- Origin: Greater Manchester, England
- Genres: Rock
- Years active: 1981–1985
- Past members: Steve Garvey Dave Price Dave Rowbotham Snuff

= Motivation (band) =

UK musical group

Motivation was a short-lived band formed in Manchester, England by bassist and probably leader Steve Garvey, guitarist Dave Rowbotham, drummer Snuff and vocalist Dave Price. Garvey was a former Buzzcocks, Teardrops and Bok Bok member, while Rowbotham was previously in The Durutti Column and then in The Mothmen.

==History==

The band was formed by Steve Garvey, Dave Rowbotham, Snuff and Dave Price by 1980. The first two had some trajectory in the Manchester musical scene at the time: Garvey was famous for being the bassist of the punk band Buzzcocks, although he was involved in two new wave groups at the time, The Teardrops and Bok Bok, and Rowbotham was in the early line-up of post-punk band The Durutti Column, sharing the guitarist role with Vini Reilly, and after departing, he alongside other ex-members of the band formed The Mothmen, in which he was still involved at the time Motivation formed.

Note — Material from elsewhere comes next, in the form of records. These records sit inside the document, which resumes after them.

Lemma mxtrace_rank1_gap :
  \tr (N *m N *m G) - \tr (M *m M *m (G + c *: (u^T *m u))) =
  q * dot y y - 2 * q * dot (y *m B) (y *m N) + q ^+ 2 * dot y y * qf y B.
Proof.
have M_unit : G + B + c *: (u^T *m u) \in unitmx.
  apply: (coercivemx_unit be_gt0); rewrite addrC.
  by apply: coercivemxD A_coercive; apply: psdmxZ (ltW c_gt0) (psdmx_outer u).
have := mxtrace_invmx_sqr_mulB B A_unit; rewrite addrK => ->.
have MB : G + B + c *: (u^T *m u) - B = G + c *: (u^T *m u) by rewrite addrAC addrK.
have := mxtrace_invmx_sqr_mulB B M_unit; rewrite MB => ->.
have t1 : \tr (N *m (y^T *m y) *m B) = dot (y *m B) (y *m N).
  have NyT : N *m y^T = (y *m N)^T by rewrite [RHS]trmx_mul NS.
  by rewrite (mulmxA N) -(mulmxA (N *m y^T)) NyT mxtrace_outer.
have t2 : \tr (y^T *m y *m N *m B) = dot (y *m B) (y *m N).
  by rewrite -!mulmxA mxtrace_outer !mulmxA (dot_symmx _ _ BS).
have t3 : \tr (y^T *m y *m (y^T *m y) *m B) = dot y y * qf y B.
  rewrite (mulmxA (y^T *m y)) -(mulmxA y^T y) [y *m y^T]mx11_scalar.
  rewrite mul_mx_scalar -!scalemxAl.
  by rewrite mxtraceZ -(mulmxA y^T) mxtrace_outer.
rewrite invmx_rank1_updateE !mulmxBl !mulmxBr !mulmxBl.
rewrite -!scalemxAl -!scalemxAr -!scalemxAl !raddfB /= !mxtraceZ.
rewrite t1 t2 t3 mxtrace_outer -/(dot y y); ring.
Qed.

The band were managed by former Buzzcocks manager Richard Boon. Boon claimed in an interview at the time that Motivation sounded like 1976 bands, which indicated the group sounded like pre-punk formations or the first punk bands. Andy Hieke and Colin Robinson from Night Visitors were their sound engineers.

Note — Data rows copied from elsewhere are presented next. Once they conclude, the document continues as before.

Lemma step_csize (C C' : config Q) : step delta C C' -> csize C' = csize C.
Proof.
move=> /step_enabled [q1 [q2 [q1' [q2' [_ enabled ->]]]]].
rewrite /csize; under eq_bigr do rewrite ffunE -subnDA.
rewrite !big_split /= !sum_indicator -addnA.
rewrite -[X in _ = X](eq_bigr _ (fun q _ => subnK (enabled q))) big_split /=.
by rewrite big_split /= !sum_indicator.
Qed.

Lemma execution_invariant (P : config Q -> Prop) (C0 : config Q) (e : nat -> config Q) :
  execution delta C0 e -> (forall C C', step delta C C' -> P C -> P C') ->
  P C0 -> forall t, P (e t).
Proof. by move=> [e0 e_step] P_step P0; elim=> [|t IHt]; [rewrite e0 | apply: P_step IHt]. Qed.

Lemma execution_nonincreasing (f : config Q -> nat) (C0 : config Q) (e : nat -> config Q) :
  execution delta C0 e -> (forall C C', step delta C C' -> (f C' <= f C)%N) ->
  forall i j, (i <= j)%N -> (f (e j) <= f (e i))%N.
Proof.
move=> [_ e_step] f_step i j /subnK <-; elim: (j - i)%N => [|d IHd] //.
by rewrite addSn (leq_trans (f_step _ _ (e_step _))).
Qed.

Definition reachable : relation (config Q) := clos_refl_trans (config Q) (step delta).

Lemma interact_reach (C : config Q) (q1 q2 q1' q2' : Q) :
  delta q1 q2 q1' q2' ->
  (q1 == q2 -> 2 <= C q1)%N -> (q1 != q2 -> 1 <= C q1 /\ 1 <= C q2)%N ->
  reachable C (interact C q1 q2 q1' q2').
Proof. by move=> *; apply: rt_step; exists q1, q2, q1', q2'. Qed.

Lemma fair_reachable (e : nat -> config Q) (C C' : config Q) :
  fair delta e -> inf_often e C -> reachable C C' -> inf_often e C'.
Proof. by move=> fair_e C_rec reach; elim: reach C_rec => // *; [apply: fair_e | auto]. Qed.

Lemma config_le_csize (C : config Q) (q : Q) : (C q <= csize C)%N.
Proof. by rewrite /csize (bigD1 q) //= leq_addr. Qed.

(* Configurations of size n, encoded as elements of a finite type. *)
Definition config_code (n : nat) (C : config Q) : {ffun Q -> 'I_n.+1} :=
  [ffun q => inord (C q)].

Lemma config_code_inj (n : nat) (C D : config Q) :
  csize C = n -> csize D = n -> config_code n C = config_code n D -> C = D.
Proof.
move=> sizeC sizeD /ffunP same_code; apply/ffunP => q.
have [boundC boundD] : (C q < n.+1)%N /\ (D q < n.+1)%N.
  by rewrite !ltnS -{1}sizeC -sizeD !config_le_csize.
by move: (same_code q); rewrite !ffunE => /(congr1 (@nat_of_ord _)); rewrite !inordK.
Qed.

Lemma recurrent_config (n : nat) (e : nat -> config Q) :
  (forall t, csize (e t) = n) -> exists C, inf_often e C.
Proof.
move=> size_e; have [k k_rec] := recurrent_value (fun t => config_code n (e t)).
have [j0 [_ code_j0]] := k_rec 0%N.
exists (e j0) => i; have [j [le_ij code_j]] := k_rec i; exists j; split => //.
by apply: (config_code_inj (size_e j) (size_e j0)); rewrite code_j code_j0.
Qed.

Theorem fair_potential_stabilizes (f : config Q -> nat) (C0 : config Q) (e : nat -> config Q) :
  execution delta C0 e -> fair delta e ->
  (forall C C', step delta C C' -> (f C' <= f C)%N) ->
  exists T, (forall t, (T <= t)%N -> f (e t) = f (e T)) /\
    exists C, csize C = csize C0 /\ f C = f (e T) /\
      forall C', reachable C C' -> f C' = f C.
Proof.
move=> exec_e fair_e f_step.
have [T stable] := nonincreasing_stabilizes (execution_nonincreasing exec_e f_step).
have size_e : forall t, csize (e t) = csize C0.
  apply: (execution_invariant (P := fun C => csize C = csize C0) exec_e) => //.
  by move=> C C' /step_csize ->.
have [C C_rec] := recurrent_config size_e.
have late D : inf_often e D -> f D = f (e T).
  by move=> /(_ T) [j [le_Tj <-]]; apply: stable.
exists T; split => //; exists C; split; last split.
- by have [j [_ <-]] := C_rec 0%N.
- exact: late.
- by move=> C' /(fair_reachable fair_e C_rec) /late ->; rewrite late.
Qed.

By 1983, Garvey (who was playing with Blue Orchids, in parallel with Motivation) and Price moved to New York, but the band continued, with Garvey as the only known remaining member.

The band was forced to change its name to Shy Talk and was signed to Columbia records in the U.S., releasing one album, Shy Talk, in 1985. The album was produced by Procol Harum's Pete Solley. At this time the line-up consisted of Dave Price (vocals), Michael Nehra (guitars), Phil Garmyn (bass), David Bravo (keyboards) and John Morelli (drums). Steve Garvey is thanked in the album credits but did not perform on the album.

Snuff joined Distant Cousins in the late 1980s. Garvey reformed Buzzcocks in 1989 but quit in 1992 due to health problems. In 1991, Rowbotham, who passed in the 1980s as a session musician for Factory Records, was killed by an axe murderer in his flat.

==Bibliography==
- Gimarc, George. Post punk Diary: 1980-82. St. Martin's Press, 1997.